Records supplied »
....................

(* There is a $17$-point code in $\mathrm{SO}(4)$ which is a regular simplex (all pairwise chordal distances between distinct points equal), is universally optimal, and has a symmetry group acting transitively on it. Moreover, there is no regular simplex in $\mathrm{SO}(4)$ with more than $17$ points.
   Context: $\mathrm{SO}(n)$ carries the chordal distance $d_c(U_1,U_2)=\|U_1-U_2\|_F$ (Frobenius norm), coming from the embedding $\mathrm{SO}(n)\subset\mathbb{R}^{n\times n}$. A code is a finite subset; a regular simplex is a code whose distinct points are pairwise equidistant. A function $g:(0,\infty)\to\mathbb{R}$ is completely monotonic if it is smooth and $(-1)^k g^{(k)}\ge 0$ for all $k\ge0$. A code $\mathcal{C}\subset \mathrm{SO}(n)$ is universally optimal if for every completely monotonic $g$ it minimizes the energy $\sum_{x\ne y\in\mathcal{C}} g(d_c(x,y)^2)$ among all codes in $\mathrm{SO}(n)$ of the same size. A symmetry of the code is an isometry of $\mathrm{SO}(4)$ (for $d_c$) mapping the code to itself. *)

From HB Require Import structures.
From mathcomp Require Import all_boot all_order all_algebra.
From mathcomp Require Import all_classical all_reals all_analysis.
Set Implicit Arguments. Unset Strict Implicit. Unset Printing Implicit Defensive.
Import Order.TTheory GRing.Theory Num.Theory.
Local Open Scope ring_scope.
(* Let $1\le r\le n$, let $g$ be a real-valued function differentiable on an open neighbourhood of $\mathrm{St}(r,n,\mathbb{C})$ in $\mathbb{C}^{n\times r}$, and let $\tilde g(Z)=g(\sigma(Z))$, where $\sigma$ keeps the first $r$ columns. Let $U_*\in\mathcal{U}_n$ and $X_*=\sigma(U_* )\in\mathrm{St}(r,n,\mathbb{C})$. Then $\operatorname{grad}\tilde g(U_* )=0$ if and only if $\operatorname{grad}g(X_* )=0$.
   Context: $\mathrm{St}(r,n,\mathbb{C})=\{X\in\mathbb{C}^{n\times r}:X^HX=I_r\}$ and $\mathcal{U}_n=\mathrm{St}(n,n,\mathbb{C})$. $\mathbb{C}^{n\times r}$ is a real Euclidean space with inner product $\mathrm{Re}\,\mathrm{tr}(X^HY)$; the Euclidean gradient of a real function $F$ is $\nabla F(X)=\frac{\partial F}{\partial X^{\Re}}+\mathrm{i}\frac{\partial F}{\partial X^{\Im}}$. With $\mathrm{skew}(P)=\frac12(P-P^H)$, the Riemannian gradient on the Stiefel manifold is $\operatorname{grad}g(X)=(I_n-XX^H)\nabla g(X)+X\,\mathrm{skew}(X^H\nabla g(X))$, and on $\mathcal{U}_n$ it is $\operatorname{grad}\tilde g(U)=U\,\mathrm{skew}(U^H\nabla\tilde g(U))$. *)

From mathcomp Require Import all_boot all_order all_algebra.
From mathcomp Require Import boolp reals.
From mathcomp.real_closed Require Import complex.
Set Implicit Arguments. Unset Strict Implicit. Unset Printing Implicit Defensive.
Import Order.TTheory GRing.Theory Num.Theory.
Local Open Scope ring_scope.

Section Defs.
Variable R : realType.
Local Notation C := (R[i]).

Definition mxH (m p : nat) (A : 'M[C]_(m, p)) : 'M[C]_(p, m) :=
  (map_mx (@conjc R) A)^T.

Definition rinner (m p : nat) (A B : 'M[C]_(m, p)) : R :=
  complex.Re (\tr (mxH A *m B)).

Definition nrm2 (m p : nat) (A : 'M[C]_(m, p)) : R := rinner A A.

Definition skewH (p : nat) (P : 'M[C]_p) : 'M[C]_p :=
  (2%:R)^-1 *: (P - mxH P).

Definition stiefel (m p : nat) (X : 'M[C]_(m, p)) : Prop :=
  mxH X *m X = 1%:M.

(* G is the Euclidean gradient of F : C^{m x p} -> R at X (Frechet sense,
   w.r.t. the real inner product Re tr(G^H H) and the Frobenius norm):
   |F(X+H) - F(X) - <G,H>| = o(||H||), written with squared quantities. *)
Definition is_egrad (m p : nat) (F : 'M[C]_(m, p) -> R) (X G : 'M[C]_(m, p))
  : Prop :=
  forall eps : R, 0 < eps -> exists2 d : R, 0 < d &
    forall H : 'M[C]_(m, p), nrm2 H < d ->
      (F (X + H) - F X - rinner G H) ^+ 2 <= eps * nrm2 H.

Definition differentiable_at (m p : nat) (F : 'M[C]_(m, p) -> R) X : Prop :=
  exists G, is_egrad F X G.

(* the Euclidean gradient nabla F(X) (0 if F is not differentiable at X) *)
Definition egrad (m p : nat) (F : 'M[C]_(m, p) -> R) (X : 'M[C]_(m, p))
  : 'M[C]_(m, p) :=
  match pselect (exists G, is_egrad F X G) with
  | left h => projT1 (cid h)
  | right _ => 0
  end.

Definition mx_open (m p : nat) (O : 'M[C]_(m, p) -> Prop) : Prop :=
  forall X, O X -> exists2 d : R, 0 < d &
    forall Y, nrm2 (Y - X) < d -> O Y.

Definition rgrad_stiefel (m p : nat) (F : 'M[C]_(m, p) -> R) (X : 'M[C]_(m, p))
  : 'M[C]_(m, p) :=
  (1%:M - X *m mxH X) *m egrad F X + X *m skewH (mxH X *m egrad F X).

Definition rgrad_unitary (m : nat) (F : 'M[C]_m -> R) (U : 'M[C]_m)
  : 'M[C]_m :=
  U *m skewH (mxH U *m egrad F U).

Definition sigma (n r : nat) (hrn : (r <= n)%N) (Z : 'M[C]_n) : 'M[C]_(n, r) :=
  \matrix_(i < n, j < r) Z i (widen_ord hrn j).

End Defs.

(* The map sigma is right multiplication by the isometry S = [I_r; 0], so the
   chain rule gives nabla g~(U) = nabla g(U S) S^H, and the skew part of
   U^H nabla g~(U) vanishes iff A S^H is Hermitian, where A = U^H nabla g(X).
   For an isometry S this holds iff A = S S^H A and S^H A is Hermitian, and,
   since U is unitary and X = U S, these are exactly the normal and tangential
   conditions (I - X X^H) nabla g(X) = 0 and skew(X^H nabla g(X)) = 0. *)
From mathcomp Require Import all_boot all_order all_algebra.
From mathcomp Require Import boolp reals.
From mathcomp.real_closed Require Import complex.
From mathcomp Require Import lra.
Import Order.TTheory GRing.Theory Num.Theory.
Local Open Scope ring_scope.
Set Implicit Arguments. Unset Strict Implicit.

Section ConjugateTranspose.
Variable R : realType.
Local Notation C := (R[i]).

Lemma mxH_mul m p q (A : 'M[C]_(m, p)) (B : 'M[C]_(p, q)) :
  mxH (A *m B) = mxH B *m mxH A.
Proof. by rewrite /mxH map_mxM trmx_mul. Qed.

Lemma mxHK m p (A : 'M[C]_(m, p)) : mxH (mxH A) = A.
Proof. by apply/matrixP=> i j; rewrite /mxH !mxE conjcK. Qed.

Lemma mxHB m p (A B : 'M[C]_(m, p)) : mxH (A - B) = mxH A - mxH B.
Proof. by rewrite /mxH map_mxB linearB. Qed.

Lemma mxH1 m : mxH (1%:M : 'M[C]_m) = 1%:M.
Proof. by rewrite /mxH map_mx1 trmx1. Qed.

Lemma mxHZ m p (c : C) (A : 'M[C]_(m, p)) : mxH (c *: A) = conjc c *: mxH A.
Proof. by apply/matrixP=> i j; rewrite /mxH !mxE rmorphM. Qed.

Lemma mxH_pid m p k : mxH (pid_mx k : 'M[C]_(m, p)) = pid_mx k.
Proof. by rewrite /mxH map_pid_mx tr_pid_mx. Qed.

Lemma skewH_eq0 p (M : 'M[C]_p) : skewH M = 0 <-> mxH M = M.
Proof.
rewrite /skewH; split=> [|->]; last by rewrite subrr scaler0.
by move/eqP; rewrite scalemx_eq0 invr_eq0 pnatr_eq0 subr_eq0 => /eqP.
Qed.

Lemma stiefel_mul m p q (U : 'M[C]_(m, p)) (S : 'M[C]_(p, q)) :
  stiefel U -> stiefel S -> stiefel (U *m S).
Proof.
by rewrite /stiefel mxH_mul => hU hS; rewrite mulmxA -(mulmxA _ _ U) hU mulmx1.
Qed.

Lemma stiefel_mulKmx m p q (U : 'M[C]_(m, p)) (A : 'M[C]_(p, q)) :
  stiefel U -> U *m A = 0 <-> A = 0.
Proof.
move=> hU; split=> [hA|->]; last by rewrite mulmx0.
by rewrite -[A]mul1mx -hU -mulmxA hA mulmx0.
Qed.

Lemma pid_mx_stiefel m p : (p <= m)%N -> stiefel (pid_mx p : 'M[C]_(m, p)).
Proof. by move=> le_pm; rewrite /stiefel mxH_pid pid_mx_id // pid_mx_1. Qed.

Lemma sigma_pid n r (hrn : (r <= n)%N) (Z : 'M[C]_n) :
  sigma hrn Z = Z *m pid_mx r.
Proof.
apply/matrixP=> i j; rewrite !mxE (bigD1 (widen_ord hrn j)) //= big1.
  by rewrite mxE eqxx /= ltn_ord mulr1 addr0.
by move=> k; rewrite -(inj_eq val_inj) mxE /= => /negbTE ->; rewrite mulr0.
Qed.

End ConjugateTranspose.

Section FrobeniusInnerProduct.
Variable R : realType.
Local Notation C := (R[i]).
Variables m p : nat.
Implicit Types A B K : 'M[C]_(m, p).

Lemma ReD (a b : C) : complex.Re (a + b) = complex.Re a + complex.Re b.
Proof. by case: a; case: b. Qed.

Lemma ReB (a b : C) : complex.Re (a - b) = complex.Re a - complex.Re b.
Proof. by case: a; case: b. Qed.

Lemma Re_realM (t : R) (z : C) : complex.Re (t%:C * z)%C = t * complex.Re z.
Proof. by case: z => a b /=; rewrite mul0r subr0. Qed.

Lemma Re_sum I (s : seq I) (P : pred I) (F : I -> C) :
  complex.Re (\sum_(i <- s | P i) F i) = \sum_(i <- s | P i) complex.Re (F i).
Proof. by elim/big_rec2: _ => // i y1 y2 _ <-; rewrite ReD. Qed.

Lemma Re_conjM_ge0 (a : C) : 0 <= complex.Re (conjc a * a).
Proof. by case: a => a b /=; nra. Qed.

Lemma Re_conjM_eq0 (a : C) : complex.Re (conjc a * a) = 0 -> a = 0.
Proof.
case: a => a b /= h.
have -> : a = 0 by nra.
by have -> : b = 0 by nra.
Qed.

Lemma nrm2E A : nrm2 A = \sum_j \sum_i complex.Re (conjc (A i j) * A i j).
Proof.
rewrite /nrm2 /rinner /mxtrace Re_sum; apply: eq_bigr => j _.
by rewrite mxE Re_sum; apply: eq_bigr => i _; rewrite /mxH !mxE.
Qed.

Lemma nrm2_ge0 A : 0 <= nrm2 A.
Proof. by rewrite nrm2E; do 2![apply: sumr_ge0 => ? _]; exact: Re_conjM_ge0. Qed.

Lemma nrm2_eq0 A : nrm2 A = 0 -> A = 0.
Proof.
have ge0 j : 0 <= \sum_i complex.Re (conjc (A i j) * A i j).
  by apply: sumr_ge0 => i _; exact: Re_conjM_ge0.
rewrite nrm2E => /eqP; rewrite psumr_eq0 // => /allP eq0.
apply/matrixP=> i j; rewrite mxE.
move: (eq0 j (mem_index_enum j)); rewrite /= psumr_eq0 => [|k _]; last first.
  exact: Re_conjM_ge0.
by move=> /allP/(_ i (mem_index_enum i))/eqP/Re_conjM_eq0.
Qed.

Lemma rinnerBl A B K : rinner (A - B) K = rinner A K - rinner B K.
Proof. by rewrite /rinner mxHB mulmxBl linearB ReB. Qed.

Lemma rinnerZr A (t : R) : rinner A (t%:C%C *: A) = t * nrm2 A.
Proof. by rewrite /nrm2 /rinner -scalemxAr mxtraceZ Re_realM. Qed.

Lemma nrm2Z A (t : R) : nrm2 (t%:C%C *: A) = t ^+ 2 * nrm2 A.
Proof.
rewrite /nrm2 /rinner mxHZ conjc_real -scalemxAr -scalemxAl !mxtraceZ.
by rewrite mulrA -rmorphM Re_realM.
Qed.

Lemma rinner_mulmxr q (A : 'M[C]_(m, q)) (B : 'M[C]_(p, q)) K :
  rinner A (K *m B) = rinner (A *m mxH B) K.
Proof. by rewrite /rinner mxH_mul mxHK mulmxA mxtrace_mulC mulmxA. Qed.

End FrobeniusInnerProduct.

Section EuclideanGradient.
Variable R : realType.
Local Notation C := (R[i]).

(* The complement Q = 1 - S S^H is an orthogonal projection, and
   ||K||^2 - ||K S||^2 = ||K Q||^2. *)
Lemma nrm2_mul_stiefel_le m n r (S : 'M[C]_(n, r)) (K : 'M[C]_(m, n)) :
  stiefel S -> nrm2 (K *m S) <= nrm2 K.
Proof.
move=> hS; set Q : 'M_n := 1%:M - S *m mxH S.
have QH : mxH Q = Q by rewrite mxHB mxH1 mxH_mul mxHK.
have QQ : Q *m Q = Q.
  by rewrite mulmxBl mul1mx mulmxBr mulmx1 !mulmxA -(mulmxA S) hS mulmx1 subrr subr0.
have nrmQ : nrm2 (K *m Q) = nrm2 K - nrm2 (K *m S).
  rewrite {1}/nrm2 rinner_mulmxr QH -mulmxA QQ mulmxBr mulmx1 rinnerBl.
  by rewrite /nrm2 rinner_mulmxr mulmxA.
by rewrite -subr_ge0 -nrmQ nrm2_ge0.
Qed.

Lemma egrad_uniq m p (F : 'M[C]_(m, p) -> R) X G1 G2 :
  is_egrad F X G1 -> is_egrad F X G2 -> G1 = G2.
Proof.
move=> dG1 dG2; apply/eqP; rewrite -subr_eq0; apply/eqP.
set D := G1 - G2; set N := nrm2 D.
have [/nrm2_eq0 // | N_neq0] := eqVneq N 0.
have N_gt0 : 0 < N by rewrite lt_neqAle eq_sym N_neq0 nrm2_ge0.
have eps_gt0 : 0 < N / 8%:R by rewrite divr_gt0 // ltr0n.
have [d1 d1_gt0 est1] := dG1 _ eps_gt0; have [d2 d2_gt0 est2] := dG2 _ eps_gt0.
set d := Num.min d1 d2.
have d_gt0 : 0 < d by rewrite lt_min d1_gt0 d2_gt0.
have d_le1 : d <= d1 by rewrite ge_min lexx.
have d_le2 : d <= d2 by rewrite ge_min lexx orbT.
(* any t > 0 with t^2 N < d will do *)
set t := d / (d + 2 * N + 2).
have den_gt0 : 0 < d + 2 * N + 2 by lra.
have tE : t * (d + 2 * N + 2) = d by rewrite /t mulfVK // gt_eqF.
have t_gt0 : 0 < t by rewrite /t divr_gt0.
have small : nrm2 (t%:C%C *: D) < d by rewrite nrm2Z; nra.
have := est1 _ (lt_le_trans small d_le1).
have := est2 _ (lt_le_trans small d_le2).
rewrite nrm2Z -/N; set a := F _ - F X; set b := rinner G2 _.
have -> : rinner G1 (t%:C%C *: D) = b + t * N.
  by rewrite -rinnerZr rinnerBl addrC subrK.
(* both estimates bound (t N)^2 by 4 (N / 8) t^2 N = (t N)^2 / 2 *)
move=> e2 e1; exfalso.
have tN_gt0 : 0 < t * N by rewrite mulr_gt0.
have : (t * N) ^+ 2 <= 2 * ((a - (b + t * N)) ^+ 2 + (a - b) ^+ 2).
  by have := sqr_ge0 (2 * a - 2 * b - t * N); nra.
nra.
Qed.

Lemma egradE m p (F : 'M[C]_(m, p) -> R) X G : is_egrad F X G -> egrad F X = G.
Proof.
move=> dG; rewrite /egrad; case: pselect => [h|[]]; last by exists G.
by case: (cid h) => G' dG' /=; exact: egrad_uniq dG' dG.
Qed.

Lemma is_egrad_mulmxr m n r (F : 'M[C]_(m, r) -> R) (S : 'M[C]_(n, r)) X G :
  stiefel S -> is_egrad F (X *m S) G ->
  is_egrad (fun Z => F (Z *m S)) X (G *m mxH S).
Proof.
move=> hS dG eps eps_gt0; have [d d_gt0 est] := dG eps eps_gt0.
exists d => // K small; rewrite mulmxDl -rinner_mulmxr.
have KS_le := nrm2_mul_stiefel_le K hS.
apply: le_trans (est _ (le_lt_trans KS_le small)) _.
by rewrite ler_wpM2l // ltW.
Qed.

End EuclideanGradient.

Section CriticalPoints.
Variable R : realType.
Local Notation C := (R[i]).

Lemma rgrad_unitary_eq0 n (F : 'M[C]_n -> R) U : stiefel U ->
  rgrad_unitary F U = 0 <-> mxH (mxH U *m egrad F U) = mxH U *m egrad F U.
Proof. by move=> hU; rewrite /rgrad_unitary stiefel_mulKmx // skewH_eq0. Qed.

Lemma rgrad_stiefel_eq0 m p (F : 'M[C]_(m, p) -> R) X : stiefel X ->
  rgrad_stiefel F X = 0 <->
  (1%:M - X *m mxH X) *m egrad F X = 0 /\
  mxH (mxH X *m egrad F X) = mxH X *m egrad F X.
Proof.
rewrite /rgrad_stiefel -skewH_eq0 => hX; set G := egrad F X.
split=> [gradX0|[-> ->]]; last by rewrite mulmx0 addr0.
have XH_normal0 : mxH X *m (1%:M - X *m mxH X) = 0.
  by rewrite mulmxBr mulmx1 mulmxA hX mul1mx subrr.
have tangent0 : skewH (mxH X *m G) = 0.
  move: (congr1 (mulmx (mxH X)) gradX0).
  by rewrite mulmxDr mulmx0 !mulmxA XH_normal0 mul0mx add0r hX mul1mx.
by move: gradX0; rewrite tangent0 mulmx0 addr0.
Qed.

Lemma hermitian_mulmxH_stiefel m p (S : 'M[C]_(m, p)) (A : 'M[C]_(m, p)) :
  stiefel S ->
  mxH (A *m mxH S) = A *m mxH S <->
  A = S *m (mxH S *m A) /\ mxH (mxH S *m A) = mxH S *m A.
Proof.
rewrite mxH_mul mxHK => hS; split=> [herm|[AE herm]].
  have AE : A = S *m (mxH A *m S).
    by rewrite mulmxA herm -mulmxA hS mulmx1.
  have SA_herm : mxH S *m A = mxH A *m S by rewrite {1}AE mulmxA hS mul1mx.
  by rewrite mxH_mul mxHK SA_herm -AE.
by rewrite AE mxH_mul herm mulmxA.
Qed.

Lemma unitary_normal_eq0 n p (U B : 'M[C]_n) (G : 'M[C]_(n, p)) :
  stiefel U -> U *m mxH U = 1%:M ->
  (1%:M - U *m B *m mxH U) *m G = 0 <-> mxH U *m G = B *m (mxH U *m G).
Proof.
move=> hU hUH.
have -> : (1%:M - U *m B *m mxH U) *m G = U *m (mxH U *m G - B *m (mxH U *m G)).
  by rewrite mulmxBr !mulmxA hUH mulmxBl !mul1mx.
rewrite stiefel_mulKmx //.
by split=> [/subr0_eq | eqMN] //; rewrite -eqMN subrr.
Qed.

End CriticalPoints.

Theorem theorem2p7 (R : realType) (n r : nat) (hr1 : (1 <= r)%N)
  (hrn : (r <= n)%N) (g : 'M[R[i]]_(n, r) -> R)
  (hg : exists O : 'M[R[i]]_(n, r) -> Prop,
          [/\ mx_open O,
              (forall X, stiefel X -> O X) &
              (forall X, O X -> differentiable_at g X)])
  (Ustar : 'M[R[i]]_n) (hU : stiefel Ustar) :
  let gt := fun Z : 'M[R[i]]_n => g (sigma hrn Z) in
  let Xstar := sigma hrn Ustar in
  rgrad_unitary gt Ustar = 0 <-> rgrad_stiefel g Xstar = 0.
Proof.
move=> gt Xs; set S : 'M[R[i]]_(n, r) := pid_mx r.
have hS : stiefel S := pid_mx_stiefel R hrn.
have XsE : Xs = Ustar *m S by rewrite /Xs sigma_pid.
have stX : stiefel Xs by rewrite XsE; exact: stiefel_mul.
have gtE : gt = fun Z => g (Z *m S) by apply: funext => Z; rewrite /gt sigma_pid.
have [O [_ stiefel_O diff_O]] := hg.
have [G dG] := diff_O _ (stiefel_O _ stX).
have egX : egrad g Xs = G by exact: egradE.
have egU : egrad gt Ustar = G *m mxH S.
  by rewrite gtE; apply/egradE/is_egrad_mulmxr; rewrite -?XsE.
have hUH : Ustar *m mxH Ustar = 1%:M by exact: mulmx1C.
rewrite rgrad_unitary_eq0 // rgrad_stiefel_eq0 // egU egX XsE.
rewrite mulmxA hermitian_mulmxH_stiefel // (mxH_mul Ustar).
rewrite (mulmxA (Ustar *m S)) -(mulmxA Ustar S) unitary_normal_eq0 //.
by rewrite -!mulmxA.
Qed.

....................

Exercise brief » The entries above hold the needed span. Transcribe exactly the lines from the one with "Lemma nrm2Z A" to the one with "set D := G1 - G2; set N := nrm2 D.", both included.

Result for this task »
Lemma nrm2Z A (t : R) : nrm2 (t%:C%C *: A) = t ^+ 2 * nrm2 A.
Proof.
rewrite /nrm2 /rinner mxHZ conjc_real -scalemxAr -scalemxAl !mxtraceZ.
by rewrite mulrA -rmorphM Re_realM.
Qed.

Lemma rinner_mulmxr q (A : 'M[C]_(m, q)) (B : 'M[C]_(p, q)) K :
  rinner A (K *m B) = rinner (A *m mxH B) K.
Proof. by rewrite /rinner mxH_mul mxHK mulmxA mxtrace_mulC mulmxA. Qed.

End FrobeniusInnerProduct.

Section EuclideanGradient.
Variable R : realType.
Local Notation C := (R[i]).

(* The complement Q = 1 - S S^H is an orthogonal projection, and
   ||K||^2 - ||K S||^2 = ||K Q||^2. *)
Lemma nrm2_mul_stiefel_le m n r (S : 'M[C]_(n, r)) (K : 'M[C]_(m, n)) :
  stiefel S -> nrm2 (K *m S) <= nrm2 K.
Proof.
move=> hS; set Q : 'M_n := 1%:M - S *m mxH S.
have QH : mxH Q = Q by rewrite mxHB mxH1 mxH_mul mxHK.
have QQ : Q *m Q = Q.
  by rewrite mulmxBl mul1mx mulmxBr mulmx1 !mulmxA -(mulmxA S) hS mulmx1 subrr subr0.
have nrmQ : nrm2 (K *m Q) = nrm2 K - nrm2 (K *m S).
  rewrite {1}/nrm2 rinner_mulmxr QH -mulmxA QQ mulmxBr mulmx1 rinnerBl.
  by rewrite /nrm2 rinner_mulmxr mulmxA.
by rewrite -subr_ge0 -nrmQ nrm2_ge0.
Qed.

Lemma egrad_uniq m p (F : 'M[C]_(m, p) -> R) X G1 G2 :
  is_egrad F X G1 -> is_egrad F X G2 -> G1 = G2.
Proof.
move=> dG1 dG2; apply/eqP; rewrite -subr_eq0; apply/eqP.
set D := G1 - G2; set N := nrm2 D.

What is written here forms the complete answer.